In addition, the two
philosophers brought up an issue most politicians like to duck, the
issue of "natural rights." Politicians don't like talking about
"natural rights" because, by their natures, politicians like to
"legislate rights." They like to think that government gives
people rights, issues them down from some lofty highlands.
To accept people have "natural rights" is to deny their power, their
purpose, their righteous belief that people need to be lead.
The ancient Greeks knew
better. The original democracy was about people coming
together in small franchises of less than 10,000 to vote collectively
as a society on issues that impacted their community.
Each retained his or her "natural rights" and couldn't fathom giving
them over to anyone, not even to a "representative." The
rights were pure, undiluted.
America took this tool
when it originally designed its democratic template. It
called for one "representative" per 30,000 population, three times
that of the original Greek formula. In the early 20th Century
the politicians, seeking more power and control, put a cap on
"representative leadership." Fearing the power of
immigrants to have a larger Voice in government, the Congress in 1911
capped the number of representatives to 435.

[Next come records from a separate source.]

Section FamiliesInSubspace.
Variables (V : lmodType K) (A : V -> Prop) (N : V -> K).
Implicit Types x y : K -> V.

Lemma eq_bounded_fam x y :
  (forall e, in01 e -> x e = y e) -> bounded_fam A N x -> bounded_fam A N y.
Proof.
move=> exy [Ax [M M_ge0 Nx]].
by split=> [e e01|]; last exists M => // e e01; rewrite -exy //; [apply: Ax | apply: Nx].
Qed.

Lemma eq_vanishing_fam x y :
  (forall e, in01 e -> x e = y e) -> vanishing_fam A N x -> vanishing_fam A N y.
Proof.
move=> exy [Ax Nx]; split=> [e e01|d d_gt0]; first by rewrite -exy //; apply: Ax.
by have [eta ? Nxd] := Nx d d_gt0; exists eta => // e e01 ?; rewrite -exy //; apply: Nxd.
Qed.

Hypothesis nA : normed_subspace A N.
Let sA : subspace A := nA.1.

Lemma bounded_fam_cst v : A v -> bounded_fam A N (fun=> v).
Proof. by move=> Av; split=> //; exists (N v) => [|e _]; first exact: (normed_ge0 nA Av). Qed.

Lemma bounded_famD x y :
  bounded_fam A N x -> bounded_fam A N y -> bounded_fam A N (fun e => x e + y e).
Proof.
move=> [Ax [Mx Mx_ge0 Nx]] [Ay [My My_ge0 Ny]].
split=> [e e01|]; first exact: subspaceD (Ax e e01) (Ay e e01).
exists (Mx + My) => [|e e01]; first exact: addr_ge0.
apply: le_trans (normed_leD nA (Ax e e01) (Ay e e01)) _.
exact: lerD (Nx e e01) (Ny e e01).
Qed.

Lemma bounded_famZ (a : K -> K) x :
  bounded_scalar a -> bounded_fam A N x -> bounded_fam A N (fun e => a e *: x e).
Proof.
move=> [_ [Ma Ma_ge0 Na]] [Ax [Mx Mx_ge0 Nx]].
split=> [e e01|]; first exact: subspaceZ (Ax e e01).
exists (Ma * Mx) => [|e e01]; first exact: mulr_ge0.
rewrite (normedZ nA) //; last exact: Ax.
by apply: ler_pM; [exact: normr_ge0 | exact: (normed_ge0 nA (Ax e e01)) | apply: Na | apply: Nx].
Qed.

Lemma bounded_famB x y :
  bounded_fam A N x -> bounded_fam A N y -> bounded_fam A N (fun e => x e - y e).
Proof.
move=> Bx By; apply: bounded_famD Bx _.
by apply: eq_bounded_fam (bounded_famZ (bounded_scalar_cst (-1)) By) => e _; rewrite scaleN1r.
Qed.

Lemma bounded_fam_sum (I : eqType) (r : seq I) (F : I -> K -> V) :
  (forall i, i \in r -> bounded_fam A N (F i)) ->
  bounded_fam A N (fun e => \sum_(i <- r) F i e).
Proof.
elim: r => [|i r IH] BF.
  by apply: eq_bounded_fam (bounded_fam_cst (subspace0 sA)) => e _; rewrite big_nil.
apply: eq_bounded_fam (bounded_famD (BF i _) (IH _)) => [e _||j jr].
- by rewrite big_cons.
- exact: mem_head.
- by apply: BF; rewrite inE jr orbT.
Qed.

Lemma vanishing_famD x y :
  vanishing_fam A N x -> vanishing_fam A N y -> vanishing_fam A N (fun e => x e + y e).
Proof.
move=> [Ax Nx] [Ay Ny]; split=> [e e01|d d_gt0]; first exact: subspaceD (Ax e e01) (Ay e e01).
have d2_gt0 : 0 < d / 2 by rewrite divr_gt0.
have [[eta1 eta1_gt0 Nx1] [eta2 eta2_gt0 Ny2]] := (Nx _ d2_gt0, Ny _ d2_gt0).
have [eta eta_gt0 [le_eta1 le_eta2]] := exists_gt0_le2 eta1_gt0 eta2_gt0.
exists eta => // e e01 lt_e_eta.
apply: le_trans (normed_leD nA (Ax e e01) (Ay e e01)) _.
rewrite [leRHS]splitr; apply: lerD; [apply: Nx1 | apply: Ny2] => //.
  exact: lt_le_trans le_eta1.
exact: lt_le_trans le_eta2.
Qed.

Lemma vanishing_famZr (a : K -> K) x :
  bounded_scalar a -> vanishing_fam A N x -> vanishing_fam A N (fun e => a e *: x e).
Proof.
move=> [_ [Ma Ma_ge0 Na]] [Ax Nx]; split=> [e e01|d d_gt0]; first exact: subspaceZ (Ax e e01).
have [eta eta_gt0 Nxd] := Nx _ (divDr1_gt0 Ma_ge0 d_gt0).
exists eta => // e e01 lt_e_eta; rewrite (normedZ nA) //; last exact: Ax.
apply: le_trans (mulr_divDr1_le Ma_ge0 d_gt0).
by apply: ler_pM; [exact: normr_ge0 | exact: (normed_ge0 nA (Ax e e01)) | apply: Na | apply: Nxd].
Qed.

Lemma vanishing_famZl (a : K -> K) x :
  vanishing_scalar a -> bounded_fam A N x -> vanishing_fam A N (fun e => a e *: x e).
Proof.
move=> [_ Na] [Ax [Mx Mx_ge0 Nx]]; split=> [e e01|d d_gt0]; first exact: subspaceZ (Ax e e01).
have [eta eta_gt0 Nad] := Na _ (divDr1_gt0 Mx_ge0 d_gt0).
exists eta => // e e01 lt_e_eta; rewrite (normedZ nA) //; last exact: Ax.
apply: le_trans (mulr_divDr1_le Mx_ge0 d_gt0); rewrite mulrC.
by apply: ler_pM; [exact: (normed_ge0 nA (Ax e e01)) | exact: normr_ge0 | apply: Nx | apply: Nad].
Qed.

Lemma vanishing_famB x y :
  vanishing_fam A N x -> vanishing_fam A N y -> vanishing_fam A N (fun e => x e - y e).
Proof.
move=> Vx Vy; apply: vanishing_famD Vx _.
by apply: eq_vanishing_fam (vanishing_famZr (bounded_scalar_cst (-1)) Vy) => e _; rewrite scaleN1r.
Qed.

Lemma vanishing_fam_sum (I : eqType) (r : seq I) (F : I -> K -> V) :
  (forall i, i \in r -> vanishing_fam A N (F i)) ->
  vanishing_fam A N (fun e => \sum_(i <- r) F i e).
Proof.
elim: r => [|i r IH] VF.
  split=> [e _|d d_gt0]; first by rewrite big_nil; apply: subspace0.
  by exists 1 => // e _ _; rewrite big_nil (normed0 nA) ltW.
apply: eq_vanishing_fam (vanishing_famD (VF i _) (IH _)) => [e _||j jr].
- by rewrite big_cons.
- exact: mem_head.
- by apply: VF; rewrite inE jr orbT.
Qed.

End FamiliesInSubspace.

Section FamiliesUnderOperators.
Variables (V W : lmodType K) (A : V -> Prop) (N : V -> K) (A' : W -> Prop) (N' : W -> K).
Hypotheses (nA : normed_subspace A N) (nA' : normed_subspace A' N').
Variables (T : K -> V -> W) (x : K -> V).

Lemma bounded_fam_op M :
  (forall e, in01 e -> forall z, A z -> A' (T e z) /\ N' (T e z) <= M * N z) ->
  bounded_fam A N x -> bounded_fam A' N' (fun e => T e (x e)).
Proof.
move=> bT [Ax [Mx Mx_ge0 Nx]]; split=> [e e01|]; first by case: (bT e e01 _ (Ax e e01)).
exists (`|M| * Mx) => [|e e01]; first exact: mulr_ge0.
have [A'T NT] := bT e e01 _ (Ax e e01).
apply: le_trans (le_normlM (normed_ge0 nA' A'T) (normed_ge0 nA (Ax e e01)) NT) _.
by apply: ler_wpM2l => //; apply: Nx.
Qed.

Lemma vanishing_fam_op M :
  (forall e, in01 e -> forall z, A z -> A' (T e z) /\ N' (T e z) <= M * N z) ->
  vanishing_fam A N x -> vanishing_fam A' N' (fun e => T e (x e)).
Proof.
move=> bT [Ax Nx]; split=> [e e01|d d_gt0]; first by case: (bT e e01 _ (Ax e e01)).
have [eta eta_gt0 Nxd] := Nx _ (divDr1_gt0 (normr_ge0 M) d_gt0).
exists eta => // e e01 lt_e_eta; have [A'T NT] := bT e e01 _ (Ax e e01).
apply: le_trans (le_normlM (normed_ge0 nA' A'T) (normed_ge0 nA (Ax e e01)) NT) _.
apply: le_trans (mulr_divDr1_le (normr_ge0 M) d_gt0).
by apply: ler_wpM2l => //; apply: Nxd.
Qed.

End FamiliesUnderOperators.

Lemma vanishing_fam_small_op (V W : lmodType K) (A : V -> Prop) (N : V -> K)
    (A' : W -> Prop) (N' : W -> K) (T : K -> V -> W) (x : K -> V) :
  (forall e, in01 e -> forall z, A z -> A' (T e z)) ->
  (forall d, 0 < d -> exists2 eta, 0 < eta & forall e, in01 e -> e < eta ->
     forall z, A z -> N' (T e z) <= d * N z) ->
  bounded_fam A N x -> vanishing_fam A' N' (fun e => T e (x e)).
Proof.
move=> AT smallT [Ax [Mx Mx_ge0 Nx]]; split=> [e e01|d d_gt0]; first exact: AT (Ax e e01).
have [eta eta_gt0 NT] := smallT _ (divDr1_gt0 Mx_ge0 d_gt0).
exists eta => // e e01 lt_e_eta; apply: le_trans (NT e e01 lt_e_eta _ (Ax e e01)) _.
apply: le_trans (mulr_divDr1_le Mx_ge0 d_gt0); rewrite mulrC.
by apply: ler_wpM2r; [exact: ltW (divDr1_gt0 Mx_ge0 d_gt0) | apply: Nx].
Qed.

Lemma vanishing_fam_weak_op (V W : lmodType K) (A1 A0 : V -> Prop) (N1 N0 : V -> K)
    (A' : W -> Prop) (N' : W -> K) (T : V -> W) (x : K -> V) :
  (forall z, A1 z -> A' (T z)) ->
  (forall eta, 0 < eta -> exists c, 0 < c /\
     forall z, A1 z -> N' (T z) <= c * N0 z + eta * N1 z) ->
  bounded_fam A1 N1 x -> vanishing_fam A0 N0 x -> vanishing_fam A' N' (fun e => T (x e)).
Proof.
move=> AT weakT [A1x [M1 M1_ge0 N1x]] [_ N0x].
split=> [e e01|d d_gt0]; first exact: AT (A1x e e01).
have d2_gt0 : 0 < d / 2 by rewrite divr_gt0.
have [c [c_gt0 NT]] := weakT _ (divDr1_gt0 M1_ge0 d2_gt0).
have [eta eta_gt0 N0xd] := N0x _ (divDr1_gt0 (ltW c_gt0) d2_gt0).
exists eta => // e e01 lt_e_eta; apply: le_trans (NT _ (A1x e e01)) _.
rewrite [leRHS]splitr; apply: lerD.
  apply: le_trans (mulr_divDr1_le (ltW c_gt0) d2_gt0).
  by apply: ler_wpM2l; [exact: ltW | apply: N0xd].
apply: le_trans (mulr_divDr1_le M1_ge0 d2_gt0); rewrite [leRHS]mulrC.
by apply: ler_wpM2l; [exact: ltW (divDr1_gt0 M1_ge0 d2_gt0) | apply: N1x].
Qed.

End Families.

Arguments in01_half {K}.
Arguments vanishing_scalar_id {K}.

Lemma taylor_rem_recr (K : numFieldType) (V : lmodType K) (e : K) (X : V)
    (c : nat -> V) (m k : nat) :
  e != 0 -> (m <= k.+1)%N ->
  e ^- k *: (X - \sum_(m <= i < k.+1) e ^+ i *: c i)
  = e *: (c k.+1 + e ^- k.+1 *: (X - \sum_(m <= i < k.+2) e ^+ i *: c i)).
Proof.
move=> e_neq0 le_mk; rewrite (big_nat_recr k.+1) //= opprD addrA.
set D := X - _; rewrite [in RHS]scalerBr scalerA mulVf ?expf_neq0 // scale1r.
rewrite addrC subrK scalerA; congr (_ *: _).
by rewrite exprS invfM mulrA mulfV // mul1r.
Qed.

Section Expansion.
Variables (K : numFieldType) (V : lmodType K) (n : nat).
Variables (B : nat -> V -> Prop) (N : nat -> V -> K).
Variables (L : nat -> V -> V) (Leps : K -> V -> V) (lam : K) (h : V) (nu : V -> K).
Variables (D0 : V -> Prop) (Rl : V -> V) (lameps : K -> K) (heps : K -> V).

Hypotheses (B0_full : forall x, B 0%N x)
  (B_succ : forall i, (i <= n)%N -> forall x, B i.+1 x -> B i x)
  (B_banach : forall i, (i <= n.+1)%N -> banach_on (B i) (N i))
  (L_linear : forall j, (j <= n)%N -> linear_on (B j) (L j))
  (h_in : B n.+1 h)
  (nu_linear : forall (a : K) x y, nu (a *: x + y) = a * nu x + nu y)
  (nu_L0 : forall f, nu (L 0%N f) = lam * nu f)
  (L0_h : L 0%N h = lam *: h)
  (nu_h : nu h = 1)
  (D0_subspace : subspace D0)
  (B1_D0 : forall x, B 1%N x -> D0 x)
  (Rl_inv : forall f, D0 f -> L 0%N (Rl f) - (lam * nu (Rl f)) *: h - lam *: Rl f = f)
  (Rl_uniq : forall f, D0 f -> forall g1 g2,
      L 0%N g1 - (lam * nu g1) *: h - lam *: g1 = f ->
      L 0%N g2 - (lam * nu g2) *: h - lam *: g2 = f -> g1 = g2)
  (Leps_linear : forall e, in01 e -> linear_on (fun _ => True) (Leps e))
  (heps_eigen : forall e, in01 e ->
     [/\ B n.+1 (heps e), Leps e (heps e) = lameps e *: heps e & nu (heps e) != 0])
  (nu_bounded : exists M : K, forall f, `|nu f| <= M * N 0%N f)
  (L_bounded : forall j i, (j <= n)%N -> (j <= i <= n.+1)%N ->
     bounded_op (B i) (B (i - j)%N) (N i) (N (i - j)%N) (L j))
  (Ltilde_bounded : forall j i, (j <= n)%N -> (j <= i <= n.+1)%N ->
     exists M : K, forall e, in01 e -> forall x, B i x ->
       B (i - j)%N (Ltilde L Leps j e x) /\ N (i - j)%N (Ltilde L Leps j e x) <= M * N i x)
  (g_bounded : forall i, (i <= n.+1)%N ->
     exists M : K, forall e, in01 e -> N i (geps nu heps e) <= M)
  (Rl_bounded10 : bounded_op (B 1%N) (B 0%N) (N 1%N) (N 0%N) Rl)
  (Rl_bounded : forall i, (1 <= i <= n.+1)%N -> bounded_op (B i) (B i) (N i) (N i) Rl)
  (Rl_weak : forall eta : K, 0 < eta -> exists c : K, 0 < c /\
     forall f, B 1%N f -> N 0%N (Rl f) <= c * N 0%N f + eta * N 1%N f)
  (Ltilde_top_small : forall d : K, 0 < d -> exists2 eta : K, 0 < eta &
     forall e, in01 e -> e < eta -> forall x, B n.+1 x ->
       N 0%N (Ltilde L Leps n e x) <= d * N n.+1 x).

Let S := Sop Rl h nu.
Let g := geps nu heps.
Let gc := gk L S lam h nu.
Let lc := lamk L S lam h nu.
Let gt := gtilde L S lam h nu heps.
Let Lt := Ltilde L Leps.

Lemma normed_B i : (i <= n.+1)%N -> normed_subspace (B i) (N i).
Proof. by move=> /B_banach[]. Qed.

Lemma subspace_B i : (i <= n.+1)%N -> subspace (B i).
Proof. by move=> /normed_B[]. Qed.

Lemma B_nested i j x : (i <= j <= n.+1)%N -> B j x -> B i x.
Proof.
case/andP; elim: j => [|j IH] le_ij le_jn; first by rewrite leqn0 in le_ij; move/eqP: le_ij ->.
case: (ltngtP i j.+1) le_ij => // [lt_ij _ | -> //] Bx.
by apply: IH (B_succ _ Bx); lia.
Qed.

Let nu_linear_on : forall a x y, True -> True ->
  (nu (a *: x + y) : K^o) = a *: (nu x : K^o) + nu y.
Proof. by move=> a x y _ _; apply: nu_linear. Qed.

Lemma nuD x y : nu (x + y) = nu x + nu y.
Proof. exact (linear_onD nu_linear_on I I). Qed.

Lemma nuB x y : nu (x - y) = nu x - nu y.
Proof. exact (linear_onB (subspaceT V) nu_linear_on I I). Qed.

Lemma nuZ a x : nu (a *: x) = a * nu x.
Proof. exact (linear_onZ (subspaceT V) nu_linear_on a I). Qed.

Lemma nu_sum_nat m p (F : nat -> V) :
  nu (\sum_(m <= i < p) F i) = \sum_(m <= i < p) nu (F i).
Proof. exact (linear_on_sum_nat (subspaceT V) nu_linear_on (fun _ _ => I)). Qed.

Lemma B_h i : (i <= n.+1)%N -> B i h.
Proof. by move=> le_in; apply: (@B_nested i n.+1) h_in; rewrite le_in leqnn. Qed.

Lemma D0_h : D0 h.
Proof. exact: B1_D0 (B_h _). Qed.

Let RmI y := L 0%N y - (lam * nu y) *: h - lam *: y.

Lemma L0_linear : linear_on (fun _ => True) (L 0%N).
Proof. by move=> a x y _ _; apply: (L_linear (leq0n n)). Qed.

Today, with a population of 290
million, the U.S. representative government has gone from 1:30,000 to
1:666,666. In comparison, England's House of Commons has
651 members with a population of 59 million creating representation of
1:90,000.
Ironically, the Congressional
support systems--staffers who help manage the offices of the 435
Legislators--have swollen in size to support the "representatives."
In 1930 there were 870 House employees. In 1999, the employees
exceeded 7,200.
So here we are. Our
"government of natural rights" is being managed by a few "leaders" who
try to juggle the "rights" of more than a half-million people (and
it's growing), and rely on a staff of thousands of non-elected, often
very young college students, to manage the needs of a society.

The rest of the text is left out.